The Tale of Ptah, Sol, Gaea, Lamashtu and the Void
“Once, when the Universe was new, Ptah looked out and decided to start filling it with living beings. To do that, he set out to create two beings, one male and one female. What Ptah did not expect is that each creation actually produced two beings, twins. The male progeny were Sol, who would inhabit the Sun, and the entity known as the Void. The female offspring were Gaea, the Earth Mother, and Lamashtu, Mother of Monsters. Whereas the prior manifested the Earth's potential to provide for all of its children in abundance, the latter embodied the wild nature of living things, survival of the fittest, and thus an evil outlook on life.

“Recognizing the danger that his two unintended offspring represented, Ptah made a difficult decision. He created a star for Sol, so that this deity could be a shining beacon of virtue in the Universe, and also made a planet for Gaea to inhabit. Through the interaction of the two deities, the Earth came to be populated with all manner of plants, animals and other living things. Even so, the situation was not an idyllic one. While the Void absconded to the farthest, darkest reaches of Space, Lamashtu was jealous of her sister and thus took up residence on Earth. There she began to spawn offspring of her own, including many of the monsters that now exist, corrupted versions of the ones that Gaea and Sol created.

“This, then, is the origin of good and evil in the Universe, and thus the source of all conflicts that have plagued Homeworld—along with the rest of the galaxy—since time immemorial.”

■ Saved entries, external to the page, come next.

Lemma char_poly_rank2_update (R : realFieldType) t (a b s nx : R)
    (x o : 'cV[R]_t) (A : 'M_t) :
  (2 <= t)%N -> o^T *m x = 0 -> o^T *m o = s%:M -> x^T *m x = nx%:M -> s != 0 ->
  A = a%:M - (a / s) *: (o *m o^T) - b *: (x *m x^T) ->
  char_poly A = 'X * ('X - (a - b * nx)%:P) * ('X - a%:P) ^+ (t - 2).
Proof.
move=> t_ge2 ox0 ooE xxE s0 AE.
have xo0 : x^T *m o = 0 by rewrite -[o]trmxK -trmx_mul ox0 trmx0.
set U := row_mx o x; set W := col_mx ((a / s) *: o^T) (b *: x^T).
have AUW : A = a%:M - U *m W by rewrite AE mul_row_col -!scalemxAr opprD addrA.
have WU : W *m U = block_mx a%:M 0 0 (b * nx)%:M.
  rewrite mul_col_row -!scalemxAl ox0 xo0 ooE xxE !scaler0 !scale_scalar_mx.
  by rewrite mulfVK.
set C := 'X - a%:P.
have charE : char_poly_mx A = C%:M + map_mx polyC U *m map_mx polyC W.
  have -> : (C%:M : 'M_t) = 'X%:M - (a%:P)%:M.
    by apply/matrixP => i j; rewrite !mxE; case: (i == j); rewrite ?mulr1n ?mulr0n ?subr0.
  by rewrite /char_poly_mx AUW map_mxB map_scalar_mx map_mxM /= opprB addrA addrAC.
have := sylvester_det C (map_mx polyC U) (map_mx polyC W).
rewrite -[in RHS]map_mxM WU map_block_mx !map_scalar_mx !map_mx0 /=.
rewrite [in RHS]scalar_mx_block add_block_mx !addr0 det_ublock.
have addM1 (u v : {poly R}) : (u%:M + v%:M : 'M_1) = (u + v)%:M.
  by apply/matrixP => i j; rewrite !mxE -mulrnDl.
rewrite !addM1 !det_scalar !expr1 -charE => sylv.
have C2_neq0 : C ^+ 2 != 0 by rewrite expf_neq0 // polyXsubC_eq0.
apply: (mulfI C2_neq0); rewrite /char_poly sylv.
by rewrite -{1}(subnKC t_ge2) exprD /C polyCB; ring.
Qed.

(** * The crossover design *)

Section Design.
Variables (R : realFieldType) (k t : nat) (Sigma : 'M[R]_k).
Hypotheses (k_gt0 : (0 < k)%N) (Sigma_pd : pos_def Sigma).

Local Notation o := (ones R k).
Local Notation S := (invmx Sigma).

Lemma Tmat_ones (s : seqT k t) : Tmat R s *m ones R t = o.
Proof.
apply/colP => j; rewrite !mxE (bigD1 (s j)) //= !mxE eqxx mul1r big1 ?addr0 //.
by move=> i ne; rewrite !mxE (eq_sym (s j)) (negbTE ne) mul0r.
Qed.

Lemma HmatE i j : Hmat R k i j = (i == ordS j)%:R.
Proof. by rewrite mxE. Qed.

Lemma Hmat_ones : Hmat R k *m o = o.
Proof.
apply/colP => i; rewrite !mxE (bigD1 (ord_pred i)) //= HmatE ord_predK eqxx.
rewrite mxE mul1r big1 ?addr0 // => j ne; rewrite HmatE.
case: eqP => [iE|_]; last by rewrite mul0r.
by move: ne; rewrite iE ordSK eqxx.
Qed.

Lemma trHmat_ones : (Hmat R k)^T *m o = o.
Proof.
apply/colP => j; rewrite !mxE (bigD1 (ordS j)) //= mxE HmatE eqxx.
by rewrite mxE mul1r big1 ?addr0 // => i ne; rewrite mxE HmatE (negbTE ne) mul0r.
Qed.

Lemma Gmat_ones (s : seqT k t) i : Gmat R s i *m ones R t = o.
Proof.
case: i => [[|[|[|n]]] i_lt3] //; rewrite /Gmat /=.
- exact: Tmat_ones.
- by rewrite /Lmat -mulmxA Tmat_ones Hmat_ones.
- by rewrite /Rmat -mulmxA Tmat_ones trHmat_ones.
Qed.

Lemma ones_invmx_ones_gt0 : 0 < (o^T *m S *m o) 0 0.
Proof.
case: (pos_def_invmx Sigma_pd) => _; apply; apply/eqP.
by move=> /colP /(_ (Ordinal k_gt0)); rewrite !mxE => /eqP; rewrite oner_eq0.
Qed.

Lemma Btilde_ones : Btilde Sigma *m o = 0.
Proof.
rewrite /Btilde mulmxBl -scalemxAl.
have -> : S *m o *m o^T *m S *m o = (o^T *m S *m o) 0 0 *: (S *m o).
  by rewrite -mul_mx_scalar -mx11_scalar !mulmxA.
rewrite scalerA mulVf ?scale1r ?subrr //.
by rewrite gt_eqF // ones_invmx_ones_gt0.
Qed.

Lemma Btilde_sym : (Btilde Sigma)^T = Btilde Sigma.
Proof.
have [Ss _] := pos_def_invmx Sigma_pd.
by rewrite /Btilde raddfB /= linearZ /= !trmx_mul !trmxK Ss !mulmxA.
Qed.

Lemma Btilde_psd : psd (Btilde Sigma).
Proof.
have [Ss _] := pos_def_invmx Sigma_pd.
apply: psd_deflation (mx11_scalar _) _ => //.
  exact/pos_def_psd/pos_def_invmx.
by rewrite gt_eqF // ones_invmx_ones_gt0.
Qed.

Variable p : {ffun seqT k t -> R}.
Hypotheses (t_gt1 : (1 < t)%N) (p_measure : is_measure p)
  (p_pseudo_sym : pseudo_symmetric Sigma p).

Local Notation c := (cxi Sigma p).
Local Notation V := (Vxi Sigma p).
Local Notation Q := (Qxi Sigma p).
Local Notation P := (centering R t).

Let t1_neq0 : t.-1%:R != 0 :> R.
Proof. by rewrite pnatr_eq0 -lt0n -ltnS prednK // ltnW. Qed.

Lemma Cxi_ones i j : Cxi Sigma p i j *m ones R t = 0.
Proof.
rewrite /Cxi mulmx_suml big1 // => s _.
by rewrite -scalemxAl /Cs -!mulmxA Gmat_ones Btilde_ones mulmx0 scaler0.
Qed.

Lemma Cxi_centering i j : Cxi Sigma p i j = (c i j / t.-1%:R) *: P.
Proof. exact: completely_symmetric_centering (p_pseudo_sym i j) (Cxi_ones i j). Qed.

Lemma cxi_sym i j : c i j = c j i.
Proof.
rewrite /cxi -mxtrace_tr /Cxi raddf_sum /=; congr (\tr _).
by apply: eq_bigr => s _; rewrite linearZ /= /Cs !trmx_mul trmxK Btilde_sym mulmxA.
Qed.

Lemma Vxi_bilinE (u w : 'cV[R]_3) :
  (u^T *m V *m w) 0 0 = \sum_i \sum_j (u i 0 * w j 0) * c i j.
Proof.
rewrite mxE exchange_big /=; apply: eq_bigr => j _; rewrite mxE mulr_suml.
by apply: eq_bigr => i _; rewrite !mxE; ring.
Qed.

Lemma Cuw_centering u w : Cuw Sigma p u w = ((u^T *m V *m w) 0 0 / t.-1%:R) *: P.
Proof.
rewrite Vxi_bilinE /Cuw mulr_suml scaler_suml; apply: eq_bigr => i _.
rewrite mulr_suml scaler_suml; apply: eq_bigr => j _.
by rewrite Cxi_centering scalerA mulrA.
Qed.

Lemma Vxi_bilin_trace u w : (u^T *m V *m w) 0 0 = \tr (Cuw Sigma p u w).
Proof.
rewrite Vxi_bilinE /Cuw raddf_sum; apply: eq_bigr => i _.
by rewrite raddf_sum; apply: eq_bigr => j _; rewrite /= mxtraceZ.
Qed.

Lemma Cuw_design_sum (u w : 'cV[R]_3) :
  Cuw Sigma p u w = \sum_s p s *: ((\sum_i u i 0 *: Gmat R s i)^T
                        *m Btilde Sigma *m (\sum_j w j 0 *: Gmat R s j)).
Proof.
have Gsum s : (\sum_i u i 0 *: Gmat R s i)^T *m Btilde Sigma
                *m (\sum_j w j 0 *: Gmat R s j)
            = \sum_i \sum_j (u i 0 * w j 0) *: Cs Sigma s i j.
  rewrite [(\sum_i _)^T]raddf_sum /= !mulmx_suml; apply: eq_bigr => i _.
  rewrite mulmx_sumr; apply: eq_bigr => j _.
  by rewrite linearZ /= [(_ *: _)^T]linearZ /= -!scalemxAl scalerA mulrC.
symmetry; under eq_bigr => s _ do rewrite Gsum scaler_sumr.
rewrite exchange_big; apply: eq_bigr => i _.
under eq_bigr => s _ do rewrite scaler_sumr.
rewrite exchange_big; apply: eq_bigr => j _.
by rewrite /Cxi scaler_sumr; apply: eq_bigr => s _; rewrite !scalerA mulrC.
Qed.

Lemma Vxi_psd : psd V.
Proof.
move=> u; rewrite Vxi_bilin_trace Cuw_design_sum raddf_sum sumr_ge0 // => s _.
rewrite /= mxtraceZ mulr_ge0 //; last exact: psd_trace_congr Btilde_psd.
by case: p_measure.
Qed.

(* [cn]/[vn] re-index by plain naturals, so that after expanding the sums
   over ['I_3] the ordinal arguments compute under [/=]. *)
Let cn (i j : nat) : R := c (inord i) (inord j).
Let cE (i j : 'I_3) : c i j = cn i j.
Proof. by rewrite /cn !inord_val. Qed.
Let cn_sym (i j : nat) : (i < 3)%N -> (j < 3)%N -> cn i j = cn j i.
Proof. by move=> *; rewrite /cn cxi_sym. Qed.
Let vn n (b : 'cV[R]_n.+1) (i : nat) : R := b (inord i) 0.
Let vE n (b : 'cV[R]_n.+1) (i : 'I_n.+1) : b i 0 = vn b i.
Proof. by rewrite /vn inord_val. Qed.

Definition border_vec (a : R) (b : 'cV[R]_2) : 'cV[R]_3 :=
  \col_(i < 3) [:: a; b 0 0; b 1 0]`_i.
Definition cxi_border : 'cV[R]_2 := \col_(i < 2) c (lift ord0 i) 0.
Local Notation v := cxi_border.

Lemma Vxi_border a b : ((border_vec a b)^T *m V *m border_vec a b) 0 0 =
  a ^+ 2 * c 0 0 + 2 * a * (b^T *m v) 0 0 + (b^T *m Q *m b) 0 0.
Proof.
rewrite Vxi_bilinE !mxE !big_ord_recr big_ord0 /= !mxE /=.
rewrite !big_ord_recr !big_ord0 /= !mxE /= !cE !vE /=.
rewrite /bump /= (_ : (1 %% 2)%N = 1%N) // (@cn_sym 1 0) // (@cn_sym 2 0) //.
by rewrite (@cn_sym 2 1) //; ring.
Qed.

Lemma Qxi_sym : Q^T = Q.
Proof. by apply/matrixP => i j; rewrite !mxE cxi_sym. Qed.

Lemma Qxi_psd : psd Q.
Proof.
move=> b; have := Vxi_psd (border_vec 0 b); rewrite Vxi_border.
by rewrite expr0n /= mul0r mulr0 mul0r !add0r.
Qed.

Refer to page 43 of the Pathfinder core rulebook to find details about Lamashtu and her domains for clerics.

The Elven Addendum
The elves, of course, maintain an alternate version of this story, one that supports their worship of the goddess Luna.

The Origin of Luna
“What many humans forget is that the Creator had three female offspring, not two. The third was Luna, who embodied qualities of both Sol and Gaea. For that reason she was given dominion over the moon, a dwelling that illuminates the night sky in the same way as the sun, and that is a companion for the Earth in dark times. She provides light for those who travel in the night, those who explore the Earth but choose to do so without submitting themselves to the dominion of the sun.”

This belief among the elves sometimes creates conflict between them and the priesthood of Sol, since they do not believe that the sun god is the source of all illumination in the universe. Followers of Sol, for their part, maintain that Luna only reflects the sun god's light, and that she does not create illumination of her own.